One more note, don’t be fooled by sharp rallies in a bear market being a new bull (as some hope for by Friday’s late day rally). The largest one day spikes in market history are almost always driven by short squeezes. Go back and study some of the ~5-10% Nasdaq rallies in the 2000 dot com crash.
Bonus blog point.
In the “why do we ever listen to Ben Bernanke” category (yes, the same former Fed Chairman who every step of the way before and during the financial crisis repeatedly told us that all is well, “subprime is contained,” “there can’t be a national housing market crash” etc, this week admitted that the current Fed blew it on this one (after following his pathbreaking QE lead):
New York (CNN Business)The first rule of running the Federal Reserve is: You do not criticize the Federal Reserve. An unspoken edict amongst former Fed chairs has been to not speak ill of their successors to preserve the apolitical nature of and trust in the institution.

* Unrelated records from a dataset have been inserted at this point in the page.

Lemma in_lp_ball_le1 x g : in_lp_ball p x -> `|x g| <= 1.
Proof.
move=> hx; have := hx [:: g] isT; rewrite /lp_sum big_seq1 => hxg.
rewrite leNgt; apply/negP => xg_gt1.
by have := le_trans (le1r_powR (ltW xg_gt1) p_ge1) hxg; rewrite leNgt xg_gt1.
Qed.

Lemma powR_le_self (t : R) : 0 <= t <= 1 -> t `^ p <= t.
Proof.
case/andP => t0 t1; have [->|tn0] := eqVneq t 0.
  by rewrite powR0 // gt_eqF ?p_gt0.
by apply: ge1r_powR p_ge1; rewrite t1 lt_def tn0 t0.
Qed.

Definition l1_bounded z (L : R) := forall s, uniq s -> \sum_(g <- s) `|z g| <= L.

Lemma l1_bounded_ge0 z L : l1_bounded z L -> 0 <= L.
Proof. by move=> hz; have := hz [::] isT; rewrite big_nil. Qed.

Lemma l1_bounded_le a b L : l1_bounded a L -> (forall g, `|b g| <= `|a g|) -> l1_bounded b L.
Proof. by move=> ha hba s us; apply: le_trans (ha s us); apply: ler_sum. Qed.

Lemma l1_bounded_mul_sg a (c : G -> R) L :
  l1_bounded a L -> l1_bounded (fun g => a g * Num.sg (c g)) L.
Proof.
move=> ha; apply: (l1_bounded_le ha) => g.
by rewrite normrM ler_piMr // normr_sg; case: (_ != _).
Qed.

Lemma l1_bounded_ball z : l1_bounded z 1 -> in_lp_ball p z.
Proof.
move=> hz s us; apply: le_trans (hz s us); apply: ler_sum => g _.
by apply: powR_le_self; rewrite normr_ge0 /=; have := hz [:: g] isT; rewrite big_seq1.
Qed.

Lemma l1_bounded_ball_scaled z L (d : R) : l1_bounded z L -> L <= d -> 0 < d ->
  in_lp_ball p (fun g => d^-1 * z g).
Proof.
move=> hz Ld d0; apply: l1_bounded_ball => s us.
under eq_bigr => g _ do rewrite normrM gtr0_norm ?invr_gt0 //.
by rewrite -mulr_sumr ler_pdivrMl // mulr1 (le_trans (hz s us)).
Qed.

Lemma l1_bounded_lp z L : l1_bounded z L -> in_lp p z.
Proof.
move=> hz; have L1_gt0 : 0 < L + 1 by rewrite ltr_wpDl ?(l1_bounded_ge0 hz).
have /(in_lpZ (L + 1)) : in_lp p (fun g => (L + 1)^-1 * z g).
  by apply/in_lp_ball_lp/(l1_bounded_ball_scaled hz); rewrite ?lerDl.
by congr in_lp; apply/funext => g; rewrite mulrA mulfV ?gt_eqF // mul1r.
Qed.

Lemma l1_norm_ge0 a : (0 <= l1_norm a)%E.
Proof. by apply: ereal_sup_ubound; exists [::] => //; rewrite big_nil. Qed.

Lemma l1_norm_fin_num a : in_l1 a -> l1_norm a \is a fin_num.
Proof. by move=> ha; rewrite ge0_fin_numE ?l1_norm_ge0. Qed.

Lemma l1_bounded_norm a : in_l1 a -> l1_bounded a (fine (l1_norm a)).
Proof.
move=> ha s us; rewrite -lee_fin fineK ?l1_norm_fin_num //.
by apply: ereal_sup_ubound; exists s.
Qed.

Lemma l1_bounded_in_l1 a L : l1_bounded a L -> in_l1 a.
Proof.
move=> ha; apply: le_lt_trans (ltry L).
by apply: ge_ereal_sup => _ [s us <-]; rewrite lee_fin ha.
Qed.

Lemma in_lp_l1_mul_sg a (c : G -> R) : in_l1 a -> in_lp p (fun g => a g * Num.sg (c g)).
Proof. by move=> /l1_bounded_norm /(l1_bounded_mul_sg c) /l1_bounded_lp. Qed.

Definition zero_on s a : G -> R := fun g => if g \in s then 0 else a g.

Lemma l1_tail_small a (d : R) : in_l1 a -> 0 < d ->
  exists2 s, uniq s & l1_bounded (zero_on s a) d.
Proof.
move=> ha d0; have fin := l1_norm_fin_num ha; rewrite /l1_norm in fin.
have [_ [s us <-] near_sup] := ub_ereal_sup_adherent d0 fin.
exists s => // s' us'.
pose s'_out := [seq g <- s' | g \notin s].
have us_out : uniq (s ++ s'_out).
  rewrite cat_uniq us filter_uniq //= andbT; apply/hasPn => g.
  by rewrite mem_filter => /andP [].
have := l1_bounded_norm ha us_out; rewrite big_cat /=.
rewrite -(fineK fin) -EFinD lte_fin in near_sup.
have -> : \sum_(g <- s') `|zero_on s a g| = \sum_(g <- s'_out) `|a g|.
  rewrite big_filter [in RHS]big_mkcond /=; apply: eq_bigr => g _.
  by rewrite /zero_on; case: ifP; rewrite ?normr0.
rewrite /l1_norm; lra.
Qed.

Definition basis_vec (h : G) : G -> R := fun g => (g == h)%:R.

Lemma sum_mul_basis_vec (F : G -> R) h s : uniq s ->
  \sum_(g <- s) F g * basis_vec h g = if h \in s then F h else 0.
Proof.
elim: s => [|g s IH]; first by rewrite big_nil.
rewrite /= big_cons in_cons => /andP [gs us]; rewrite IH // /basis_vec.
have [<-|_] := eqVneq g h; first by rewrite mulr1 (negbTE gs) addr0.
by rewrite mulr0 add0r.
Qed.

Lemma l1_bounded_basis_vec h : l1_bounded (basis_vec h) 1.
Proof.
move=> s us; rewrite (eq_bigr (fun g => 1 * basis_vec h g)); last first.
  by move=> g _; rewrite mul1r /basis_vec normr_nat.
by rewrite sum_mul_basis_vec //; case: ifP.
Qed.

Lemma basis_vec_ball h : in_lp_ball p (basis_vec h).
Proof. exact/l1_bounded_ball/l1_bounded_basis_vec. Qed.

Lemma basis_vec_lp h : in_lp p (basis_vec h).
Proof. exact/in_lp_ball_lp/basis_vec_ball. Qed.

Lemma is_dual_lpZ phi (l : R) : is_dual_lp p phi -> is_dual_lp p (fun x => l * phi x).
Proof.
case=> hadd hZ [C hC] h0; split.
- by move=> x z hx hz; rewrite hadd // mulrDr.
- by move=> c x hx; rewrite hZ // mulrCA.
- by exists (`|l| * C) => x hx; rewrite normrM ler_wpM2l ?hC.
- by move=> x hx; rewrite h0 // mulr0.
Qed.

Lemma is_dual_lp0 phi : is_dual_lp p phi -> phi (fun=> 0) = 0.
Proof.
case=> _ hZ _ _; have := hZ 0 _ in_lp0.
by under eq_fun do rewrite mul0r; rewrite mul0r.
Qed.

Lemma in_lp_sum s (F : G -> G -> R) :
  (forall h, in_lp p (F h)) -> in_lp p (fun g => \sum_(h <- s) F h g).
Proof.
move=> hF; elim: s => [|h s IH].
  by under eq_fun do rewrite big_nil; exact: in_lp0.
by under eq_fun do rewrite big_cons; exact: in_lpD.
Qed.

Lemma is_dual_lp_sum phi s (F : G -> G -> R) : is_dual_lp p phi ->
  (forall h, in_lp p (F h)) ->
  phi (fun g => \sum_(h <- s) F h g) = \sum_(h <- s) phi (F h).
Proof.
move=> hphi hF; have [hadd _ _ _] := hphi; elim: s => [|h s IH].
  by under eq_fun do rewrite big_nil; rewrite big_nil is_dual_lp0.
have -> : (fun g => \sum_(k <- h :: s) F k g) = (fun g => F h g + \sum_(k <- s) F k g).
  by apply/funext => g; rewrite big_cons.
by rewrite big_cons hadd ?IH //; exact: in_lp_sum.
Qed.

(* The series [\sum_g a g * |delta_(e_g)|] evaluated at phi: by continuity of
   phi it equals [phi (\sum_g a g * sg (phi e_g) * e_g)], which needs no
   infinite sums. *)
Definition l1_embedding a : ((G -> R) -> R) -> R := fun phi =>
  if `[< is_dual_lp p phi >] then phi (fun g => a g * Num.sg (phi (basis_vec g))) else 0.

Lemma l1_embedding_split phi a s : is_dual_lp p phi -> in_l1 a -> uniq s ->
  l1_embedding a phi =
  \sum_(h <- s) a h * `|phi (basis_vec h)| + l1_embedding (zero_on s a) phi.
Proof.
move=> hphi ha us; rewrite /l1_embedding asboolT //.
have [hadd hZ _ _] := hphi.
pose c h := a h * Num.sg (phi (basis_vec h)).
have tail_lp : in_lp p (fun g => zero_on s a g * Num.sg (phi (basis_vec g))).
  apply/(l1_bounded_lp (L := fine (l1_norm a)))/l1_bounded_mul_sg.
  apply: (l1_bounded_le (l1_bounded_norm ha)) => g.
  by rewrite /zero_on; case: ifP; rewrite ?normr0.
have -> : (fun g => a g * Num.sg (phi (basis_vec g))) =
  (fun g => \sum_(h <- s) c h * basis_vec h g + zero_on s a g * Num.sg (phi (basis_vec g))).
  apply/funext => g; rewrite (eq_bigr (fun h => c h * basis_vec g h)); last first.
    by move=> h _; rewrite /basis_vec eq_sym.
  by rewrite sum_mul_basis_vec // /zero_on /c; case: ifP; rewrite ?mul0r ?addr0 ?add0r.
have basis_lp h : in_lp p (fun g => c h * basis_vec h g) by exact/in_lpZ/basis_vec_lp.
move: (is_dual_lp_sum s hphi basis_lp) => /= sum_eq.
rewrite hadd ?sum_eq //; last exact: in_lp_sum.
congr (_ + _); apply: eq_bigr => h _.
rewrite hZ; last exact: basis_vec_lp.
by rewrite /c /= normrEsg mulrA.
Qed.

But former Fed Chair Ben Bernanke broke those rules on Monday morning when he said that the central bank had erred in its approach to addressing 40-year-high inflation.”The question is: Why did they delay that? … Why did they delay their response? I think in retrospect, yes, it was a mistake,” he said during an interview on CNBC’s Squawk Box Monday. “And I think they agree it was a mistake.”
Bernanke led the Fed through the financial crisis of 2008 and oversaw incredible levels of monetary expansion. His successors Janet Yellen and then Jerome Powell, who now runs the central bank, continued the loose policy well into economic recovery.
To elaborate on this, I was giving my barber an earful on the Fed (shock!) a couple of months ago, and he said roughly “hey, I don’t mean to be rude, but how can you–a professor at a little school in Cedarville–know more about what’s going on than they do.” I told him that’s a good question, although I did defend my academic background (Master’s work and one PhD field in monetary economics from good universities, not from a cracker jacks box), but suggested the reason is not that I’m so smart (I’m not), but that institutionally you can’t trust them to speak the truth, as noted in the first line of the article quoted above. Ben Bernanke knew the market was imploding before and during the financial crisis (albeit maybe not as much as it really was initially, and then he was overly pessimestic–“we stood at the edge of the abyss”) but he couldn’t publicly say that. Imagine the chairman of the Federal Reserve saying in early 2008: “I think we really blew it with those negative real interest rates from 2002-2005. Along with the Federal governments push to create more affordable housing, we’ve created a monstrous housing bubble, and I think its collapse will cause a financial panic.” The Fed chairman cannot be expected to be an honest academic economist, even if he/she were to think that. They have to be a cheerleader for the status quo. It’s not that we’re that smart, it’s just that they can’t be honest. And its compounded by the fact that most of us want to be lied to.
And that’s the sad state of the world today.
* On the market as a whole; some individual stocks have been hammered so much that they aren’t far off a more normal valuation. But if we get a waterfall decline at some point, as I suspect we will if the Fed doesn’t change course, even those stocks will suffer in the decline. Paradoxically even safe assets, such as gold (because of their high liquidity), get sold off in panics as firm’s facing liquidations have to sell off their best assets to raise cash, and selling other assets would result in fire sale losses.